Hi I'm asking this in context of this:
Suppose we have non-elementary integral $\chi(x) = \int K(x)dx$ and we want to find
$$\int^b_aK(x)dx$$
Now lets say there is some function $F(x)$ which has elementary integral $\int F(x)$
such that $K(x) + F(x) $ has elementary integral so we can do this :
$$\int^b_aK(x)dx = \int^b_a(K(x)+0)dx$$
$$ = \int^b_a(K(x)+ F(x) - F(x))dx$$
$$=\int^b_aK(x)+ F(x)dx + \int^b_a-F(x)dx$$
Maybe $\int^b_a K(x) + F(x)dx$ is not elementary but lets say I dilute this condition to there exist some definite integral property transformation or substitution which allows us to arrive at numerical value for e.g just like $\int \ln(\sin(x))dx$ which is non-elementary according to WolframAlpha but it gives into some computable value for appropriate limits like
$\int^{\pi/2}_0 \ln(\sin(x))dx$
So my end goal goal is converting $\int^b_a K(x) + F(x)dx$ into some function like that atleast.
I'm not familiar with the deeper details of definite integration. I only want to show that one of the assumptions in your question is wrong and that there are at least some cases (maybe single cases) where a definite non-elementary integral can be evaluated without special functions.
1.) The set of all elementary functions is closed regarding addition (It is an algebraically closed field.). $\int K(x)+F(x)\ dx=\int K(x)\ dx+\int F(x)\ dx$ cannot be elementary therefore.
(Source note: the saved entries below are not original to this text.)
(* For integers $p\ge1$ and $0\le k\le n$, and all $x$, \[ \sum_{j=0}^{n-k}\binom{n-k}{j}(-1)^{j}E_{j+k}^{(p)}(x)=(-1)^{n+k+1}\sum_{j=0}^{k}\binom{k}{j}E_{n-j}^{(p)}(x)+2(-1)^{n+k}\sum_{j=0}^{k}\binom{k}{j}E_{n-j}^{(p-1)}(x-1). \]
   Context: For $p\ge0$, the higher-order Euler polynomials $E_n^{(p)}(x)$ are defined by $\sum_{n\ge0}E_n^{(p)}(x)\frac{t^n}{n!}=e^{xt}\left(\frac{2}{e^t+1}\right)^p$; in particular $E_n^{(0)}(x)=x^n$. *)

From HB Require Import structures.
From mathcomp Require Import all_boot all_order all_algebra.
Set Implicit Arguments. Unset Strict Implicit. Unset Printing Implicit Defensive.
Import Order.TTheory GRing.Theory Num.Theory.
Local Open Scope ring_scope.

Definition fps (R : numFieldType) := nat -> R.

Definition fps_mul (R : numFieldType) (f g : fps R) : fps R :=
  fun n => \sum_(i < n.+1) f i * g (n - i)%N.

Definition fps_one (R : numFieldType) : fps R := fun n => (n == 0%N)%:R.

Definition fps_pow (R : numFieldType) (f : fps R) (p : nat) : fps R :=
  iter p (fps_mul f) (@fps_one R).

Definition fps_exp (R : numFieldType) (a : R) : fps R :=
  fun n => a ^+ n / (n`!)%:R.

(* multiplicative inverse of a series with nonzero constant term:
   b_0 = 1/f_0,  b_{n+1} = -(1/f_0) sum_{k=1}^{n+1} f_k b_{n+1-k} *)
Fixpoint fps_inv_aux (R : numFieldType) (f : fps R) (n : nat) : seq R :=
  match n with
  | 0 => [:: (f 0%N)^-1]
  | m.+1 => let s := fps_inv_aux f m in
      rcons s (- (f 0%N)^-1 * \sum_(k < m.+1) f k.+1 * nth 0 s (m - k)%N)
  end.

Definition fps_inv (R : numFieldType) (f : fps R) : fps R :=
  fun n => nth 0 (fps_inv_aux f n) n.

Definition euler_gf (R : numFieldType) : fps R :=
  fun n => 2 * fps_inv (fun m => fps_exp 1 m + fps_one R m) n.

(* Higher-order Euler polynomial E_n^{(p)}(x):
   sum_n E_n^{(p)}(x) t^n/n! = e^{xt} (2/(e^t+1))^p *)
Definition eulerP (R : numFieldType) (p n : nat) (x : R) : R :=
  (n`!)%:R * fps_mul (fps_exp x) (fps_pow (@euler_gf R) p) n.

From HB Require Import structures.
From mathcomp Require Import all_boot all_order all_algebra.
From mathcomp Require Import ring.
From Stdlib Require Import FunctionalExtensionality.
Import Order.TTheory GRing.Theory Num.Theory.
Set Implicit Arguments. Unset Strict Implicit. Unset Printing Implicit Defensive.
Local Open Scope ring_scope.

(* The Cauchy product on nat -> R is computed through
      truncated polynomials, which makes it commutative and associative;
      it is linear on the left, the recursive inverse is a right inverse, and
      e^{at} e^{bt} = e^{(a+b)t} follows from a binomial convolution formula.
   2. Two identities for Euler polynomials, read off generating functions:
        E_m^(p)(x+y) = sum_i C(m,i) y^i E_{m-i}^(p)(x)     (e^{(x+y)t} = e^{yt} e^{xt})
        E_m^(p+1)(x+1) + E_m^(p+1)(x) = 2 E_m^(p)(x)      ((e^t+1)(2/(e^t+1)) = 2).
   3. A purely combinatorial fact over any commutative ring: if
      a_n = sum_j C(n,j) b_{n-j}, then
      sum_j C(m,j) (-1)^j a_{j+k} = (-1)^m sum_j C(k,j) b_{k+m-j}.
   The theorem applies 3 with a = E^(p)(x), b = E^(p)(x-1) (valid by the
   first identity at y = 1) and rewrites the resulting sum with the second. *)

Section PowerSeries.
Variable R : numFieldType.
Implicit Types f g h : fps R.

Definition trunc_poly (N : nat) f : {poly R} := \poly_(i < N) f i.

Lemma coef_trunc_poly n f i : (i <= n)%N -> (trunc_poly n.+1 f)`_i = f i.
Proof. by move=> hi; rewrite coef_poly ltnS hi. Qed.

(* The n-th Cauchy coefficient only sees coefficients up to n, so it is a
   coefficient of any product of polynomials agreeing with f, g up to n. *)
Lemma fps_mul_coef (P Q : {poly R}) f g n :
  (forall i, (i <= n)%N -> P`_i = f i) -> (forall i, (i <= n)%N -> Q`_i = g i) ->
  fps_mul f g n = (P * Q)`_n.
Proof.
move=> Pf Qg; rewrite coefM; apply: eq_bigr => i _.
by rewrite Pf -1?ltnS // Qg // leq_subr.
Qed.

Lemma trunc_polyM n f g i : (i <= n)%N ->
  (trunc_poly n.+1 f * trunc_poly n.+1 g)`_i = fps_mul f g i.
Proof.
move=> hin; symmetry; apply: fps_mul_coef => j hji;
  by rewrite coef_trunc_poly // (leq_trans hji).
Qed.

Lemma fps_mulC f g : fps_mul f g = fps_mul g f.
Proof.
apply: functional_extensionality => n.
by rewrite -!(trunc_polyM _ _ (leqnn n)) mulrC.
Qed.

Lemma fps_mulA f g h : fps_mul f (fps_mul g h) = fps_mul (fps_mul f g) h.
Proof.
apply: functional_extensionality => n.
rewrite (@fps_mul_coef (trunc_poly n.+1 f) (trunc_poly n.+1 g * trunc_poly n.+1 h));
  [|exact: coef_trunc_poly|exact: trunc_polyM].
rewrite (@fps_mul_coef (trunc_poly n.+1 f * trunc_poly n.+1 g) (trunc_poly n.+1 h));
  [|exact: trunc_polyM|exact: coef_trunc_poly].
by rewrite mulrA.
Qed.

Lemma fps_mul1 f n : fps_mul (@fps_one R) f n = f n.
Proof.
rewrite /fps_mul big_ord_recl big1 ?addr0; first by rewrite mul1r subn0.
by move=> i _; rewrite /fps_one lift0 /= mul0r.
Qed.

Lemma fps_mulDl f g h n :
  fps_mul (fun m => f m + g m) h n = fps_mul f h n + fps_mul g h n.
Proof. by rewrite /fps_mul -big_split; apply: eq_bigr => i _; rewrite mulrDl. Qed.

Lemma fps_mulZl (c : R) f h n :
  fps_mul (fun m => c * f m) h n = c * fps_mul f h n.
Proof. by rewrite /fps_mul mulr_sumr; apply: eq_bigr => i _; rewrite mulrA. Qed.

Lemma size_fps_inv_aux f n : size (fps_inv_aux f n) = n.+1.
Proof. by elim: n => //= n IH; rewrite size_rcons IH. Qed.

Lemma fps_inv_nth f n j : (j <= n)%N -> fps_inv f j = nth 0 (fps_inv_aux f n) j.
Proof.
move=> hjn; rewrite /fps_inv -(subnKC hjn).
elim: (n - j)%N => [|m IH]; first by rewrite addn0.
by rewrite addnS /= nth_rcons size_fps_inv_aux ltnS leq_addr.
Qed.

Lemma fps_mul_inv f : f 0%N != 0 -> fps_mul f (fps_inv f) = @fps_one R.
Proof.
move=> f0; apply: functional_extensionality => -[|m].
  by rewrite /fps_mul big_ord1 /fps_inv /= divff.
have inv_last : fps_inv f m.+1 = - (f 0%N)^-1 *
    \sum_(k < m.+1) f k.+1 * nth 0 (fps_inv_aux f m) (m - k)%N.
  by rewrite /fps_inv /= nth_rcons size_fps_inv_aux ltnn eqxx.
rewrite /fps_mul big_ord_recl subn0.
under eq_bigr => i _ do rewrite lift0 subSS (fps_inv_nth _ (leq_subr i m)).
by rewrite inv_last mulrA mulrN divff // mulN1r addNr.
Qed.

Lemma fact_neq0 n : (n`!%:R : R) != 0.
Proof. by rewrite pnatr_eq0 -lt0n fact_gt0. Qed.

Lemma fps_mul_exp_coef (y : R) f n :
  n`!%:R * fps_mul (fps_exp y) f n =
  \sum_(i < n.+1) 'C(n, i)%:R * y ^+ i * ((n - i)`!%:R * f (n - i)%N).
Proof.
rewrite /fps_mul mulr_sumr; apply: eq_bigr => i _.
have hin : (i <= n)%N by rewrite -ltnS.
rewrite /fps_exp -(bin_fact hin) !natrM.
by field; rewrite !fact_neq0.
Qed.

Lemma fps_exp_add (a b : R) : fps_mul (fps_exp a) (fps_exp b) = fps_exp (a + b).
Proof.
apply: functional_extensionality => n.
apply: (mulfI (fact_neq0 n)).
rewrite fps_mul_exp_coef /fps_exp mulrCA divff ?fact_neq0 // mulr1.
rewrite addrC exprDn; apply: eq_bigr => i _.
by rewrite [_ * (_ / _)]mulrC divfK ?fact_neq0 // -mulr_natl; ring.
Qed.

End PowerSeries.

Section EulerPolynomials.
Variable R : numFieldType.

Lemma euler_gf_recip :
  fps_mul (fun m => fps_exp 1 m + fps_one R m) (euler_gf R) =
  fun m => 2 * fps_one R m.
Proof.
rewrite fps_mulC; apply: functional_extensionality => m.
rewrite fps_mulZl fps_mulC fps_mul_inv //.
by rewrite /fps_exp /fps_one /= expr0 divr1 -(natrD _ 1 1) pnatr_eq0.
Qed.

Lemma eulerP_shift (p m : nat) (x y : R) :
  eulerP p m (x + y) =
  \sum_(i < m.+1) 'C(m, i)%:R * y ^+ i * eulerP p (m - i) x.
Proof.
by rewrite /eulerP addrC -fps_exp_add -fps_mulA fps_mul_exp_coef.
Qed.

Lemma eulerP_step (p m : nat) (x : R) :
  eulerP p.+1 m (x + 1) + eulerP p.+1 m x = 2 * eulerP p m x.
Proof.
rewrite /eulerP mulrCA -mulrDr; congr (_ * _).
set g := euler_gf R.
have pull_g z : fps_mul (fps_exp z) (fps_pow g p.+1) =
    fps_mul g (fps_mul (fps_exp z) (fps_pow g p)).
  by rewrite [fps_pow g p.+1]/= fps_mulA (fps_mulC (fps_exp z)) -fps_mulA.
rewrite !pull_g (addrC x) -fps_exp_add -(fps_mulA (fps_exp 1)).
rewrite (fps_mulA g) (fps_mulC g (fps_exp 1)) -fps_mulA.
rewrite -[X in _ + X = _]fps_mul1 -fps_mulDl fps_mulA euler_gf_recip.
by rewrite fps_mulZl fps_mul1.
Qed.

End EulerPolynomials.

Section BinomialSums.
Variable R : comPzRingType.

(* sum_{j<=m} C(m,j) (-1)^j a_{j+k}, i.e. (-1)^m times the m-th forward
   difference of a at k. *)
Definition alt_binom_sum (a : nat -> R) (m k : nat) : R :=
  \sum_(j < m.+1) 'C(m, j)%:R * (-1) ^+ j * a (j + k)%N.

Definition binom_sum (c : nat -> R) (k N : nat) : R :=
  \sum_(j < k.+1) 'C(k, j)%:R * c (N - j)%N.

Lemma alt_binom_sumS a m k :
  alt_binom_sum a m.+1 k = alt_binom_sum a m k - alt_binom_sum a m k.+1.
Proof.
rewrite /alt_binom_sum big_ord_recl [in X in _ = X - _]big_ord_recl.
under eq_bigr => i _ do rewrite lift0 binS natrD !mulrDl.
rewrite big_split /= !bin0 big_ord_recr /= bin_small // !mul0r addr0 addrA.
congr (_ + _); rewrite -sumrN; apply: eq_bigr => i _.
by rewrite exprS addSnnS mulN1r mulrN mulNr.
Qed.

Lemma binom_sumS c k N :
  binom_sum c k.+1 N.+1 = binom_sum c k N + binom_sum c k N.+1.
Proof.
rewrite /binom_sum big_ord_recl [in X in _ = _ + X]big_ord_recl.
under eq_bigr => i _ do rewrite lift0 binS natrD !mulrDl subSS.
rewrite big_split /= !bin0 !subn0 big_ord_recr /= bin_small // mul0r addr0.
by rewrite [RHS]addrC -addrA.
Qed.

Lemma alt_binom_sum_transform (a b : nat -> R) :
  (forall n, a n = binom_sum b n n) ->
  forall m k, alt_binom_sum a m k = (-1) ^+ m * binom_sum b k (k + m).
Proof.
move=> ab; elim=> [|m IH] k.
  by rewrite /alt_binom_sum big_ord1 bin0 expr0 !mul1r add0n addn0 ab.
rewrite alt_binom_sumS !IH addSn binom_sumS addnS exprS.
ring.
Qed.

End BinomialSums.

Unset Implicit Arguments.

Theorem mainTheorem10 (R : numFieldType) (p n k : nat) (x : R) :
  (1 <= p)%N -> (k <= n)%N ->
  \sum_(j < (n - k).+1) ('C(n - k, j))%:R * (-1) ^+ j * eulerP p (j + k) x =
  (-1) ^+ (n + k + 1) * \sum_(j < k.+1) ('C(k, j))%:R * eulerP p (n - j) x
  + 2 * (-1) ^+ (n + k) * \sum_(j < k.+1) ('C(k, j))%:R * eulerP (p - 1) (n - j) (x - 1).
Proof.
case: p => [//|q] _ hkn; rewrite subSS subn0.
have transform : forall m, eulerP q.+1 m x =
    binom_sum (fun j => eulerP q.+1 j (x - 1)) m m.
  move=> m; rewrite -{1}(subrK 1 x) eulerP_shift.
  by apply: eq_bigr => i _; rewrite expr1n mulr1.
have lower_order : 2 * binom_sum (fun j => eulerP q j (x - 1)) k n =
    binom_sum (fun j => eulerP q.+1 j x) k n
    + binom_sum (fun j => eulerP q.+1 j (x - 1)) k n.
  rewrite /binom_sum mulr_sumr -big_split; apply: eq_bigr => i _.
  by rewrite mulrCA -eulerP_step subrK mulrDr.
have sign : (-1) ^+ (n + k) = (-1) ^+ (n - k) :> R.
  by rewrite -{1}(subnK hkn) -addnA exprD addnn -mul2n exprM sqrrN !expr1n mulr1.
have := alt_binom_sum_transform transform (n - k) k.
rewrite subnKC // /alt_binom_sum => ->.
rewrite -[\sum_(j < k.+1) _ * eulerP q _ _]/(binom_sum (fun j => eulerP q j (x - 1)) k n).
rewrite -[\sum_(j < k.+1) _ * eulerP q.+1 _ x]/(binom_sum (fun j => eulerP q.+1 j x) k n).
rewrite (mulrC 2) -mulrA lower_order addn1 exprS sign.
ring.
Qed.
Your prerequisite "such that $K(x)+F(x)$ has elementary integral" is wrong therefore.
2.) Definite integrals can be calculated also by other methods than indefinite integration.
Lichtblau, D.: Symbolic definite integration: methods and open issues. ACM Communications in Computer Algebra 45 (2011) (1/2) 1-16
Raab, C. G.: Definite Integration in Differential Fields. PhD thesis Johannes Kepler University Linz, Austria, 2012
Algorithms for symbolic definite integration?
Davenport, G.: An Exploration of Three Related Parametric Definite Integrals. 2016
Davenport, G.: The Difficulties of Definite Integration
A non-elementary definite integral and therefore a sum of an elementary and a non-elementary definite integral can therefore be evaluated in some cases without special functions.
Nyblom, M. A.: On the evaluation of a definite integral involving nested square root functions. Rocky Mountain J. Math. 37 (2007) 4 1301-1304
3.) One could ask: Is there a theory of integration in elementary terms for definite integrals? But it seems there is no such theory.
4.) The value of a definite integral is a number. One could ask if this number can be an elementary number. But that's a completely different mathematical problem.